### Exercise goal
Your job is to copy the lines from the material that include "domB".
------------------------
(* Let $I_A$ and $I_B$ be two MatP instances with the same underlying graph $G=(W\cup F,E)$ that differ only in the preference order of a single agent $x\in W\cup F$. Let $e=\{x,y\}\in E$ and let $I_H$ be a hybrid instance of $(I_A,I_B)$ with respect to $e$. Let $M$ be a matching with $e\in M$. Then: (1) if $M$ is popular for $I_H$, then $M$ is robust popular with respect to $I_A$ and $I_B$; (2) if $M$ is dominant for $I_H$, then $M$ is robust dominant with respect to $I_A$ and $I_B$.
   Context: An instance $I$ of matchings under preferences (MatP) consists of a bipartite graph $G^I=(W\cup F,E^I)$ with disjoint finite vertex sets $W$ (workers) and $F$ (firms), whose elements are called agents, together with, for each agent $x$, a strict linear order $\succ_x^I$ (preference order) over the set $N_x^I$ of neighbors of $x$ in $G^I$. A matching is a set of pairwise disjoint edges; $M(x)$ denotes the partner of a matched agent $x$. Agent $x$ prefers $M$ over $M'$ if $x$ is matched in $M$ and unmatched in $M'$, or matched in both with $M(x)\succ_x M'(x)$. Define $\mathrm{vote}^I_x(M,M')=1$ if $x$ prefers $M$ over $M'$, $-1$ if $x$ prefers $M'$ over $M$, and $0$ otherwise, and the popularity margin $\phi^I(M,M')=\sum_{x\in W\cup F}\mathrm{vote}^I_x(M,M')$. A matching $M$ of $G^I$ is popular for $I$ if $\phi^I(M,M')\ge 0$ for every matching $M'$ of $G^I$; it is dominant for $I$ if it is popular and $\phi^I(M,M')>0$ for every matching $M'$ of $G^I$ with $|M'|>|M|$. For two instances $I_A,I_B$ on the same agent sets, a matching is robust popular (resp. robust dominant) with respect to $I_A$ and $I_B$ if it is popular (resp. dominant) for both $I_A$ and $I_B$. Hybrid instance: suppose $I_A,I_B$ have the same graph $G$ and differ only in the preferences of agent $x$, and let $e=\{x,y\}\in E$. Let $P^A=\{z: z\succ_x^{I_A} y\}$ and $P^B=\{z: z\succ_x^{I_B} y\}$. A hybrid instance $I_H$ of $(I_A,I_B)$ with respect to $e$ is the MatP instance on $G$ in which every agent $z\neq x$ has preference order $\succ_z^{I_A}$, and $x$ has any linear order $\succ'$ on $N_x$ such that $z\succ' y$ for all $z\in P^A\cup P^B$ and $y\succ' z$ for all $z\in N_x\setminus(P^A\cup P^B\cup\{y\})$. *)

From mathcomp Require Import all_boot all_order all_algebra.
Set Implicit Arguments. Unset Strict Implicit. Unset Printing Implicit Defensive.
Import Order.TTheory GRing.Theory Num.Theory.

Section MatP.
Variables (W F : finType).
Definition agent := (W + F)%type.

Variable E : W -> F -> bool.

Definition adj (a b : agent) : bool :=
  match a, b with
  | inl w, inr f => E w f
  | inr f, inl w => E w f
  | _, _ => false
  end.

(* a preference profile: pref x a b means  a >_x b *)
Definition prefs := agent -> agent -> agent -> bool.

Definition valid_prefs (p : prefs) : Prop :=
  forall x : agent,
    (forall a, adj x a -> ~~ p x a a) /\
    (forall a b c, adj x a -> adj x b -> adj x c ->
        p x a b -> p x b c -> p x a c) /\
    (forall a b, adj x a -> adj x b -> a != b -> p x a b || p x b a).

Definition is_matching (M : {set W * F}) : Prop :=
  (forall e, e \in M -> E e.1 e.2) /\
  (forall e e', e \in M -> e' \in M -> (e.1 = e'.1 \/ e.2 = e'.2) -> e = e').

Definition in_matching (M : {set W * F}) (a b : agent) : bool :=
  match a, b with
  | inl w, inr f => (w, f) \in M
  | inr f, inl w => (w, f) \in M
  | _, _ => false
  end.

Definition partner (M : {set W * F}) (x : agent) : option agent :=
  [pick z | in_matching M x z].

Definition prefers (p : prefs) (M M' : {set W * F}) (x : agent) : bool :=
  match partner M x, partner M' x with
  | Some z, None => true
  | Some z, Some z' => p x z z'
  | None, _ => false
  end.

Definition vote (p : prefs) (M M' : {set W * F}) (x : agent) : int :=
  (prefers p M M' x)%:Z - (prefers p M' M x)%:Z.

Definition phi (p : prefs) (M M' : {set W * F}) : int :=
  \sum_(x : agent) vote p M M' x.

Definition popular (p : prefs) (M : {set W * F}) : Prop :=
  is_matching M /\ forall M', is_matching M' -> (0 <= phi p M M')%R.

Definition dominant (p : prefs) (M : {set W * F}) : Prop :=
  popular p M /\
  forall M', is_matching M' -> #|M| < #|M'| -> (0 < phi p M M')%R.

Definition differ_only_at (pA pB : prefs) (x : agent) : Prop :=
  forall z a b, z != x -> adj z a -> adj z b -> pA z a b = pB z a b.

Definition hybrid (pA pB pH : prefs) (x y : agent) : Prop :=
  valid_prefs pH /\
  (forall z a b, z != x -> adj z a -> adj z b -> pH z a b = pA z a b) /\
  (forall z, adj x z -> pA x z y || pB x z y -> pH x z y) /\
  (forall z, adj x z -> ~~ (pA x z y || pB x z y) -> z != y -> pH x y z).

End MatP.

From mathcomp Require Import all_boot all_order all_algebra.
Import Order.TTheory GRing.Theory Num.Theory.
Set Implicit Arguments. Unset Strict Implicit.
Local Open Scope ring_scope.

(* Since M(x) = y, agent x compares M with M' by asking whether M'(x) beats y.
   Every agent other than x votes identically under the hybrid and under I_A,
   and x, who ranks above y under the hybrid everything it ranks above y under
   I_A, can only be less favourable to M under the hybrid.  Hence
   phi_H(M, M') <= phi_A(M, M') for every matching M', so popularity and
   dominance for I_H carry over to I_A, and symmetrically to I_B. *)

Section Matchings.
Variables (W F : finType) (E : W -> F -> bool).

Lemma in_matching_adj M (a b : agent W F) :
  is_matching E M -> in_matching M a b -> adj E a b.
Proof. by move=> [inE _]; case: a => a; case: b => b //= /inE. Qed.

Lemma partner_adj M (a b : agent W F) :
  is_matching E M -> partner M a = Some b -> adj E a b.
Proof.
by move=> hM; rewrite /partner; case: pickP => // z hz [<-]; exact: in_matching_adj hz.
Qed.

Lemma partner_in_matching M (a b : agent W F) :
  is_matching E M -> in_matching M a b -> partner M a = Some b.
Proof.
move=> [_ uniqM] hab; rewrite /partner; case: pickP => [c hac|/(_ b)]; last by rewrite hab.
congr Some; case: a hab hac => a; case: b => b //; case: c => c //= hab hac.
- by case: (uniqM _ _ hac hab (or_introl erefl)) => ->.
- by case: (uniqM _ _ hac hab (or_intror erefl)) => ->.
Qed.

Lemma pref_swap (p : prefs W F) (x a b : agent W F) :
  valid_prefs E p -> adj E x a -> adj E x b -> a != b -> p x b a = ~~ p x a b.
Proof.
move=> /(_ x) [irr [trans total]] xa xb neq_ab.
apply/idP/idP => [pba|]; last by have := total _ _ xa xb neq_ab; case: (p x a b).
apply/negP => pab; have := irr _ xa; by rewrite (trans _ _ _ xa xb xa pab pba).
Qed.

Lemma vote_partners (p : prefs W F) M M' (x y z : agent W F) :
  valid_prefs E p -> is_matching E M' -> adj E x y ->
  partner M x = Some y -> partner M' x = Some z -> z != y ->
  vote p M M' x = (~~ p x z y)%:Z - (p x z y)%:Z.
Proof.
move=> vp hM' xy Mx M'x neq_zy.
have xz := partner_adj hM' M'x.
by rewrite /vote /prefers Mx M'x (pref_swap vp xz xy neq_zy).
Qed.

Section HybridComparison.
Variables (pA pH : prefs W F) (x y : agent W F).
Hypotheses (vA : valid_prefs E pA) (vH : valid_prefs E pH) (xy : adj E x y).
Hypothesis pH_off_x :
  forall z a b, z != x -> adj E z a -> adj E z b -> pH z a b = pA z a b.
Hypothesis pH_above_y : forall z, adj E x z -> pA x z y -> pH x z y.

Variables (M M' : {set W * F}).
Hypotheses (hM : is_matching E M) (hM' : is_matching E M') (Mxy : in_matching M x y).

Lemma vote_hybrid_off (z : agent W F) :
  z != x -> vote pH M M' z = vote pA M M' z.
Proof.
move=> neq_zx; rewrite /vote /prefers.
case Mz: (partner M z) => [a|]; case M'z: (partner M' z) => [b|] //.
have za := partner_adj hM Mz; have zb := partner_adj hM' M'z.
by rewrite !pH_off_x.
Qed.

Lemma vote_hybrid_at_x : (vote pH M M' x <= vote pA M M' x).
Proof.
have Mx := partner_in_matching hM Mxy.
case M'x: (partner M' x) => [z|]; last by rewrite /vote /prefers Mx M'x.
have [eq_zy|neq_zy] := eqVneq z y; first by rewrite /vote /prefers Mx M'x eq_zy !subrr.
rewrite (vote_partners vH hM' xy Mx M'x neq_zy) (vote_partners vA hM' xy Mx M'x neq_zy).
case pAz: (pA x z y); first by rewrite pH_above_y // (partner_adj hM' M'x).
by case: (pH x z y).
Qed.

Lemma phi_hybrid_le : (phi pH M M' <= phi pA M M').
Proof.
apply: ler_sum => z _; have [->|neq_zx] := eqVneq z x.
- exact: vote_hybrid_at_x.
- by rewrite vote_hybrid_off.
Qed.

End HybridComparison.

Lemma popular_dominant_hybrid (pA pH : prefs W F) (x y : agent W F) M :
  valid_prefs E pA -> valid_prefs E pH -> adj E x y ->
  (forall z a b, z != x -> adj E z a -> adj E z b -> pH z a b = pA z a b) ->
  (forall z, adj E x z -> pA x z y -> pH x z y) ->
  is_matching E M -> in_matching M x y ->
  (popular E pH M -> popular E pA M) /\ (dominant E pH M -> dominant E pA M).
Proof.
move=> vA vH xy off above hM Mxy.
have le_phi M' : is_matching E M' -> phi pH M M' <= phi pA M M'.
  by move=> hM'; exact: (phi_hybrid_le vA vH xy off above hM hM' Mxy).
have popA : popular E pH M -> popular E pA M.
  by move=> [_ popH]; split=> // M' hM'; exact: le_trans (popH _ hM') (le_phi _ hM').
split=> // -[popH domH]; split; first exact: popA.
by move=> M' hM' ltM; exact: lt_le_trans (domH _ hM' ltM) (le_phi _ hM').
Qed.

End Matchings.

Theorem lemma1 (W F : finType) (E : W -> F -> bool) (pA pB pH : prefs W F)
  (x y : agent W F) (M : {set W * F}) :
  valid_prefs E pA -> valid_prefs E pB ->
  differ_only_at E pA pB x ->
  adj E x y ->
  hybrid E pA pB pH x y ->
  is_matching E M -> in_matching M x y ->
  (popular E pH M -> popular E pA M /\ popular E pB M) /\
  (dominant E pH M -> dominant E pA M /\ dominant E pB M).
Proof.
move=> vA vB AB xy [vH [offA [above _]]] hM Mxy.
have offB z a b : z != x -> adj E z a -> adj E z b -> pH z a b = pB z a b.
  by move=> neq_zx za zb; rewrite offA // AB.
have [popA domA] := popular_dominant_hybrid vA vH xy offA
  (fun z xz pAz => above z xz (introT orP (or_introl pAz))) hM Mxy.
have [popB domB] := popular_dominant_hybrid vB vH xy offB
  (fun z xz pBz => above z xz (introT orP (or_intror pBz))) hM Mxy.
by split=> h; split; [exact: popA | exact: popB | exact: domA | exact: domB].
Qed.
------------------------
### Solution below
have [popB domB] := popular_dominant_hybrid vB vH xy offB
by split=> h; split; [exact: popA | exact: popB | exact: domA | exact: domB].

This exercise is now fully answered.